:: Task details ::
In the entries below, find each line with the word "Import" and pull it out.

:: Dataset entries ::

╔══

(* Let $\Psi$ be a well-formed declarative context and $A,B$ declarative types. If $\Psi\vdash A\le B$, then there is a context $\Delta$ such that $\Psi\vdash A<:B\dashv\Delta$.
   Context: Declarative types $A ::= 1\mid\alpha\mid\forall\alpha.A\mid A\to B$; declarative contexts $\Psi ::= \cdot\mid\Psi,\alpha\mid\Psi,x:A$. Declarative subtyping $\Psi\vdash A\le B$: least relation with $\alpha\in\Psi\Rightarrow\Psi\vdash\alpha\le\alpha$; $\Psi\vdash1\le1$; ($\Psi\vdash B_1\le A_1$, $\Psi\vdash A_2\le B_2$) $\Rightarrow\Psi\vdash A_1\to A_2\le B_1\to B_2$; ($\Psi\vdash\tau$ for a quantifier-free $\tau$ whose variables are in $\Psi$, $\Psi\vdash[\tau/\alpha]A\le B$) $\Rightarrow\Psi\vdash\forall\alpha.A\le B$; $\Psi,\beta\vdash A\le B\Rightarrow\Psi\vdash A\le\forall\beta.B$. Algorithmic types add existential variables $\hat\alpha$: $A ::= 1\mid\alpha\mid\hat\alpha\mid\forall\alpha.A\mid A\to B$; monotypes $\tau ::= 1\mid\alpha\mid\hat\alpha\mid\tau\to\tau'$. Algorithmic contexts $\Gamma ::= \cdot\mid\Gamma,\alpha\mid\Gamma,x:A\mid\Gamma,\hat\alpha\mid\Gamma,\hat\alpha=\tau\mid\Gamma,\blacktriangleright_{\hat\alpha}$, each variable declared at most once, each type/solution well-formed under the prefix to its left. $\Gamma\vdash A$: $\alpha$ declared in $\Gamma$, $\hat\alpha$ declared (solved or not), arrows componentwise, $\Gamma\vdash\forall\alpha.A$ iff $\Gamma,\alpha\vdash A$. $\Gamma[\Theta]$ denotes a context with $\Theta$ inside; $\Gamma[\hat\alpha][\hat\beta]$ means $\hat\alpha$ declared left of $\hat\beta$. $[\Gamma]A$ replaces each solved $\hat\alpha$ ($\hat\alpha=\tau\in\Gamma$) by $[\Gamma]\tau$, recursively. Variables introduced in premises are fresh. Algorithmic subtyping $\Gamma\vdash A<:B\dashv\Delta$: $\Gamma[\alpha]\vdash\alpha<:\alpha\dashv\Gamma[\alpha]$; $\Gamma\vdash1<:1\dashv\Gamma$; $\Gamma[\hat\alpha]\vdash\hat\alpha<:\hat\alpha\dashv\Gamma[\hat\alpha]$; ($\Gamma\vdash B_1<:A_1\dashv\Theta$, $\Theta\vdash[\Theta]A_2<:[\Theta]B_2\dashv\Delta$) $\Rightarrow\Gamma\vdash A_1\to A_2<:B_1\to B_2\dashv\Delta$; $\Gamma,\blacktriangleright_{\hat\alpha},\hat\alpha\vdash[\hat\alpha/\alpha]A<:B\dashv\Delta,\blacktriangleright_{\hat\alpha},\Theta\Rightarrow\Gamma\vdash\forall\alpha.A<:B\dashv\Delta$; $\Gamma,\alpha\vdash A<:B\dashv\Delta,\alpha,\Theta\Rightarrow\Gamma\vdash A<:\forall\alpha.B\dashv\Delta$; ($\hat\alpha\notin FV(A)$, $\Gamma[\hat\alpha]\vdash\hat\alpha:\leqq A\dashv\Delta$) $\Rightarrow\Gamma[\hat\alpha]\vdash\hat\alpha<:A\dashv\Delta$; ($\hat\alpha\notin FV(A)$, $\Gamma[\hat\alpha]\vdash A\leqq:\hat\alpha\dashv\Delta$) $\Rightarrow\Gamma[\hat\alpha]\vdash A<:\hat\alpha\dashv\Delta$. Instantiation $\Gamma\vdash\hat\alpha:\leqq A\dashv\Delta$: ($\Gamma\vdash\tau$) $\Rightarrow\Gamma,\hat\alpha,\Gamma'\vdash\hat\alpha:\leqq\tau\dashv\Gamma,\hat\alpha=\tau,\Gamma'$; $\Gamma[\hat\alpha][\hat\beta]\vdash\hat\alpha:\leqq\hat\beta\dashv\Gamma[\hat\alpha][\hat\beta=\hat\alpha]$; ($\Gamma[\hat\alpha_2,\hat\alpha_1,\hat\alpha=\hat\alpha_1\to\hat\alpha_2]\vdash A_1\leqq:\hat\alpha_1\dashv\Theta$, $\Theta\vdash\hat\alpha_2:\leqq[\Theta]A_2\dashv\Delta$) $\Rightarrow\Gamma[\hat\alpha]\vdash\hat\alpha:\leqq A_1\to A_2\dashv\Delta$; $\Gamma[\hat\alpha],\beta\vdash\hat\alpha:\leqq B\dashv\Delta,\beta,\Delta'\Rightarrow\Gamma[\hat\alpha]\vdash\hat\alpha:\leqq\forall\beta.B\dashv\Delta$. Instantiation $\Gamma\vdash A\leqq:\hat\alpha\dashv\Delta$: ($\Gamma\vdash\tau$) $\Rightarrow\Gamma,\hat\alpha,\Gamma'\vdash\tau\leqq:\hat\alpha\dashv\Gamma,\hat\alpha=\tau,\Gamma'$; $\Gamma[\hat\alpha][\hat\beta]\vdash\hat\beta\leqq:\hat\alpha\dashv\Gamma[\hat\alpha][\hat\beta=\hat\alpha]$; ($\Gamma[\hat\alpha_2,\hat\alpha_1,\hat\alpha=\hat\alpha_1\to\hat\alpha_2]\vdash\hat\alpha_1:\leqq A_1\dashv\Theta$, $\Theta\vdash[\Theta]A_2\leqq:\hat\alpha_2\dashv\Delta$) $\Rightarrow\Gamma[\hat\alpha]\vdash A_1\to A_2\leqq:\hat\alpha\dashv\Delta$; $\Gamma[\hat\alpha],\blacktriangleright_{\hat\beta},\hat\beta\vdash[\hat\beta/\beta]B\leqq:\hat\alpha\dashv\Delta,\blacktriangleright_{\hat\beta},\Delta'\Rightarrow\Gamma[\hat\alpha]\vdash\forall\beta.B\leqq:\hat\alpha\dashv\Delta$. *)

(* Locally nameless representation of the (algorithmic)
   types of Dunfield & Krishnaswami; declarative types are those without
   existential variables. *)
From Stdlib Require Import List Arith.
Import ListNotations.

╚══

:: Exercise output ::
From Stdlib Require Import List Arith.
Import ListNotations.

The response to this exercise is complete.